TASK INSTRUCTIONS –
Go through the material and return every line that contains the string "Hder".

LISTED ENTRIES –

Lemma PV_le L I1 I2 :
  filterlim (fun eps => Ineg eps + Ipos eps) (at_right 0) (locally L) ->
  filterlim (fun c => RInt Gf 0 c) (at_left x) (locally I1) ->
  filterlim (fun c => RInt Gf c (2 * x)) (at_right x) (locally I2) ->
  L <= I1 + I2.
Proof.
  intros HL H1 H2. set (C := - Pa a x - Pa a (PI / 2)).
  assert (HR : filterlim (fun e => RInt Gf 0 (x - e) + RInt Gf (x + e) (2 * x) + 2 * e * M1 * C)
                 (at_right 0) (locally (I1 + I2 + 2 * 0 * M1 * C))).
  { apply filterlim_plus_R; [apply filterlim_plus_R|].
    - apply (filterlim_comp _ _ _ (fun e => x - e) (fun c => RInt Gf 0 c) _ (at_left x));
        [apply filterlim_sub_at_right|exact H1].
    - apply (filterlim_comp _ _ _ (fun e => x + e) (fun c => RInt Gf c (2 * x)) _ (at_right x));
        [apply filterlim_add_at_right|exact H2].
    - apply (filterlim_filter_le_1 (F := locally 0)); [apply filter_le_within|].
      apply (continuous_of_ex_derive (fun e => 2 * e * M1 * C) 0). auto_derive. auto. }
  assert (Hev : at_right 0 (fun e => Ineg e + Ipos e <=
                 RInt Gf 0 (x - e) + RInt Gf (x + e) (2 * x) + 2 * e * M1 * C))
    by (apply (at_right_of_interval 0 x); [lra|apply PV_truncated_le]).
  assert (Hle := filterlim_le (FF := Proper_StrongProper _ (at_right_proper_filter 0))
                   _ _ L (I1 + I2 + 2 * 0 * M1 * C) Hev HL HR).
  simpl in Hle. lra.
Qed.

Lemma Ha_le_integral_Ga : exists L I1 I2 : R,
  is_Ha a f x L /\
  is_RInt_gen (fun y => Derive f y * Ga a x y) (at_point 0) (at_left x) I1 /\
  is_RInt_gen (fun y => Derive f y * Ga a x y) (at_right x) (at_point (2 * x)) I2 /\
  L <= I1 + I2.
Proof.
  destruct ex_lim_PV as [L HL].
  destruct ex_lim_RInt_Gf_left as [I1 H1].
  destruct ex_lim_RInt_Gf_right as [I2 H2].
  exists L, I1, I2. split; [|split; [|split]].
  - apply is_Ha_of_lim, HL.
  - apply is_RInt_gen_left, H1.
  - apply is_RInt_gen_right, H2.
  - apply PV_le; assumption.
Qed.

End HilbertBound.

Theorem lemma4p5 (a : R) (f : R -> R) :
  0 < a ->
  smooth_periodic f ->
  (forall x, f (- x) = f x) ->
  (forall x, 0 <= f x) ->
  f 0 = 0 ->
  (forall y, 0 <= y < PI -> 0 <= Derive f y) ->
  forall x, 0 < x <= PI / 2 ->
  exists L I1 I2 : R,
    is_Ha a f x L /\
    is_RInt_gen (fun y => Derive f y * Ga a x y) (at_point 0) (at_left x) I1 /\
    is_RInt_gen (fun y => Derive f y * Ga a x y) (at_right x) (at_point (2 * x)) I2 /\
    L <= I1 + I2.
Proof.
  intros Ha [Hper [Hder Hbound]] Heven _ Hf0 Hmono x Hx.
  destruct (Hbound 0%nat) as [M0 HM0], (Hbound 1%nat) as [M1 HM1].
  apply (Ha_le_integral_Ga a f x M0 M1); auto.
  - intros y. apply (Hder 1%nat).
  - intros y. apply (Hder 2%nat).
Qed.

ANSWER TO THE EXERCISE –
  intros Ha [Hper [Hder Hbound]] Heven _ Hf0 Hmono x Hx.
  - intros y. apply (Hder 1%nat).
  - intros y. apply (Hder 2%nat).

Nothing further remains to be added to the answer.